Theorem tridiagonal_adjacency_iff :
  (forall j, delta_adj E T r j <-> j = s) <->
  ((B - (theta s)%:M) *m x = 0 /\ ~ exists c, T = c%:M).
Proof.
have eigen_x : (B - (theta s)%:M) *m x = 0 <-> B *m x = theta s *: x.
  by rewrite mulmxBl mul_scalar_mx; split => [/eqP|->]; rewrite ?subr_eq0 ?subrr // => /eqP.
rewrite eigen_x; split => [adj | [Bx not_scalar] j].
  split; last by move/scalar_not_adjacent; rewrite (adj s).2.
  apply: (prim_idem_support theta_inj B_annihilated) => j j_neq_s.
  have [->|j_neq_r] := eqVneq j r; first exact: prim_idem_r_x.
  have [//|Ejx] := eqVneq (E j *m x) 0.
  have /(adj j).1 j_eq_s : delta_adj E T r j by rewrite adjacent_r.
  by rewrite j_eq_s eqxx in j_neq_s.
have Ex k : E k *m x = (s == k)%:R *: x := prim_idem_eigvec theta_inj k Bx.
have x_neq0 : x != 0 by apply/eqP => /x_eq0_scalar.
have [->|j_neq_r] := eqVneq j r.
  by split=> [|r_eq_s]; [rewrite /delta_adj eqxx | move: s_neq_r; rewrite r_eq_s eqxx].
rewrite adjacent_r // Ex; split=> [|j_eq_s]; last by rewrite j_eq_s eqxx scale1r.
by case: (eqVneq s j) => [->|_]; rewrite ?mulr0n ?scale0r ?eqxx.
Qed.

End TridiagonalAdjacency.

Unset Implicit Arguments.

Theorem proposition8p2 (F : fieldType) (d : nat) (hd : (0 < d)%N)
  (Estar : 'I_d.+1 -> 'M[F]_d.+1) (A : 'M[F]_d.+1)
  (theta thetas : 'I_d.+1 -> F) (v : 'I_d.+1 -> 'cV[F]_d.+1)
  (r s : 'I_d.+1)
  (hEE : forall i j : 'I_d.+1,
      Estar i *m Estar j = if i == j then Estar i else 0)
  (hrank : forall i, \rank (Estar i) = 1%N)
  (hA0 : forall i j : 'I_d.+1, (i.+1 < j)%N || (j.+1 < i)%N ->
      Estar i *m A *m Estar j = 0)
  (hA1 : forall i j : 'I_d.+1, (j == i.+1 :> nat) || (i == j.+1 :> nat) ->
      Estar i *m A *m Estar j != 0)
  (htheta_inj : injective theta)
  (htheta_eig : forall i, eigenvalue A (theta i))
  (hv_basis : basis_mx v \in unitmx)
  (hv_feas : forall i, exists w : 'cV[F]_d.+1, v i = Estar i *m w)
  (hrowsum : forall i : nat, (i <= d)%N ->
      coef_c (rep_mx v A) i + coef_a (rep_mx v A) i + coef_b (rep_mx v A) i
        = theta r)
  (hsr : s != r) :
  let Astar := dual_mx Estar thetas in
  let E := prim_idem A theta in
  let B := rep_mx v A in
  let ths := fun k : nat => thetas (inord k) in
  let astar_r := \tr (E r *m Astar) in
  (forall j, delta_adj E Astar r j <-> j = s)
  <->
  ((forall i : nat, (i <= d)%N ->
      coef_c B i * ths i.-1 + coef_a B i * ths i + coef_b B i * ths i.+1
        - theta r * ths i
      = (theta s - theta r) * (ths i - astar_r))
   /\ ~ (exists c : F, Astar = c%:M)).
Proof.
move=> Astar E B ths astar_r.
have sandwichE := Estar_sandwich_eq0 hEE hv_feas hv_basis.
have B_tridiag (i j : 'I_d.+1) : (i.+1 < j)%N || (j.+1 < i)%N -> B i j = 0.
  by move=> /hA0/eqP; rewrite sandwichE => /eqP.
have B_irreducible (i j : 'I_d.+1) : (j == i.+1 :> nat) || (i == j.+1 :> nat) -> B i j != 0.
  by move=> /hA1; rewrite sandwichE.
have B_annihilated : horner_mx B (annihilator theta) = 0.
  by rewrite rep_mx_horner // eigenvalues_annihilate // rep_mx0.
have B_rowsum := tridiag_rowsum B_tridiag hrowsum.
have T_rep : rep_mx v Astar = diag_mx (\row_i thetas i).
  exact: rep_dual_mx hEE hv_feas hv_basis thetas.
have E_rep k : rep_mx v (E k) = prim_idem B theta k.
  by rewrite -horner_mx_lagrange rep_mx_horner // horner_mx_lagrange.
have adjE j : delta_adj E Astar r j
    = delta_adj (prim_idem B theta) (diag_mx (\row_i thetas i)) r j.
  by rewrite /delta_adj -(rep_mx_eq0 hv_basis) !rep_mxM // !E_rep T_rep.
have aE : astar_r = \tr (prim_idem B theta r *m diag_mx (\row_i thetas i)).
  by rewrite /astar_r -(rep_mx_trace hv_basis) rep_mxM // E_rep T_rep.
rewrite -(rep_mx_is_scalar hv_basis) T_rep aE.
rewrite (tridiag_equation_iff B_tridiag _ _ _ B_rowsum) -(tridiagonal_adjacency_iff thetas
  B_tridiag B_irreducible htheta_inj B_annihilated B_rowsum hsr).
by split=> adj j; [rewrite -adjE | rewrite adjE].
Qed.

What you should do -> Could you copy out every record above exactly as it appears?

Final answer ->
Theorem tridiagonal_adjacency_iff :
  (forall j, delta_adj E T r j <-> j = s) <->
  ((B - (theta s)%:M) *m x = 0 /\ ~ exists c, T = c%:M).
Proof.
have eigen_x : (B - (theta s)%:M) *m x = 0 <-> B *m x = theta s *: x.
  by rewrite mulmxBl mul_scalar_mx; split => [/eqP|->]; rewrite ?subr_eq0 ?subrr // => /eqP.
rewrite eigen_x; split => [adj | [Bx not_scalar] j].
  split; last by move/scalar_not_adjacent; rewrite (adj s).2.
  apply: (prim_idem_support theta_inj B_annihilated) => j j_neq_s.
  have [->|j_neq_r] := eqVneq j r; first exact: prim_idem_r_x.
  have [//|Ejx] := eqVneq (E j *m x) 0.
  have /(adj j).1 j_eq_s : delta_adj E T r j by rewrite adjacent_r.
  by rewrite j_eq_s eqxx in j_neq_s.
have Ex k : E k *m x = (s == k)%:R *: x := prim_idem_eigvec theta_inj k Bx.
have x_neq0 : x != 0 by apply/eqP => /x_eq0_scalar.
have [->|j_neq_r] := eqVneq j r.
  by split=> [|r_eq_s]; [rewrite /delta_adj eqxx | move: s_neq_r; rewrite r_eq_s eqxx].
rewrite adjacent_r // Ex; split=> [|j_eq_s]; last by rewrite j_eq_s eqxx scale1r.
by case: (eqVneq s j) => [->|_]; rewrite ?mulr0n ?scale0r ?eqxx.
Qed.

End TridiagonalAdjacency.

Unset Implicit Arguments.

Theorem proposition8p2 (F : fieldType) (d : nat) (hd : (0 < d)%N)
  (Estar : 'I_d.+1 -> 'M[F]_d.+1) (A : 'M[F]_d.+1)
  (theta thetas : 'I_d.+1 -> F) (v : 'I_d.+1 -> 'cV[F]_d.+1)
  (r s : 'I_d.+1)
  (hEE : forall i j : 'I_d.+1,
      Estar i *m Estar j = if i == j then Estar i else 0)
  (hrank : forall i, \rank (Estar i) = 1%N)
  (hA0 : forall i j : 'I_d.+1, (i.+1 < j)%N || (j.+1 < i)%N ->
      Estar i *m A *m Estar j = 0)
  (hA1 : forall i j : 'I_d.+1, (j == i.+1 :> nat) || (i == j.+1 :> nat) ->
      Estar i *m A *m Estar j != 0)
  (htheta_inj : injective theta)
  (htheta_eig : forall i, eigenvalue A (theta i))
  (hv_basis : basis_mx v \in unitmx)
  (hv_feas : forall i, exists w : 'cV[F]_d.+1, v i = Estar i *m w)
  (hrowsum : forall i : nat, (i <= d)%N ->
      coef_c (rep_mx v A) i + coef_a (rep_mx v A) i + coef_b (rep_mx v A) i
        = theta r)
  (hsr : s != r) :
  let Astar := dual_mx Estar thetas in
  let E := prim_idem A theta in
  let B := rep_mx v A in
  let ths := fun k : nat => thetas (inord k) in
  let astar_r := \tr (E r *m Astar) in
  (forall j, delta_adj E Astar r j <-> j = s)
  <->
  ((forall i : nat, (i <= d)%N ->
      coef_c B i * ths i.-1 + coef_a B i * ths i + coef_b B i * ths i.+1
        - theta r * ths i
      = (theta s - theta r) * (ths i - astar_r))
   /\ ~ (exists c : F, Astar = c%:M)).
Proof.
move=> Astar E B ths astar_r.
have sandwichE := Estar_sandwich_eq0 hEE hv_feas hv_basis.
have B_tridiag (i j : 'I_d.+1) : (i.+1 < j)%N || (j.+1 < i)%N -> B i j = 0.
  by move=> /hA0/eqP; rewrite sandwichE => /eqP.
have B_irreducible (i j : 'I_d.+1) : (j == i.+1 :> nat) || (i == j.+1 :> nat) -> B i j != 0.
  by move=> /hA1; rewrite sandwichE.
have B_annihilated : horner_mx B (annihilator theta) = 0.
  by rewrite rep_mx_horner // eigenvalues_annihilate // rep_mx0.
have B_rowsum := tridiag_rowsum B_tridiag hrowsum.
have T_rep : rep_mx v Astar = diag_mx (\row_i thetas i).
  exact: rep_dual_mx hEE hv_feas hv_basis thetas.
have E_rep k : rep_mx v (E k) = prim_idem B theta k.
  by rewrite -horner_mx_lagrange rep_mx_horner // horner_mx_lagrange.
have adjE j : delta_adj E Astar r j
    = delta_adj (prim_idem B theta) (diag_mx (\row_i thetas i)) r j.
  by rewrite /delta_adj -(rep_mx_eq0 hv_basis) !rep_mxM // !E_rep T_rep.
have aE : astar_r = \tr (prim_idem B theta r *m diag_mx (\row_i thetas i)).
  by rewrite /astar_r -(rep_mx_trace hv_basis) rep_mxM // E_rep T_rep.
rewrite -(rep_mx_is_scalar hv_basis) T_rep aE.
rewrite (tridiag_equation_iff B_tridiag _ _ _ B_rowsum) -(tridiagonal_adjacency_iff thetas
  B_tridiag B_irreducible htheta_inj B_annihilated B_rowsum hsr).
by split=> adj j; [rewrite -adjE | rewrite adjE].
Qed.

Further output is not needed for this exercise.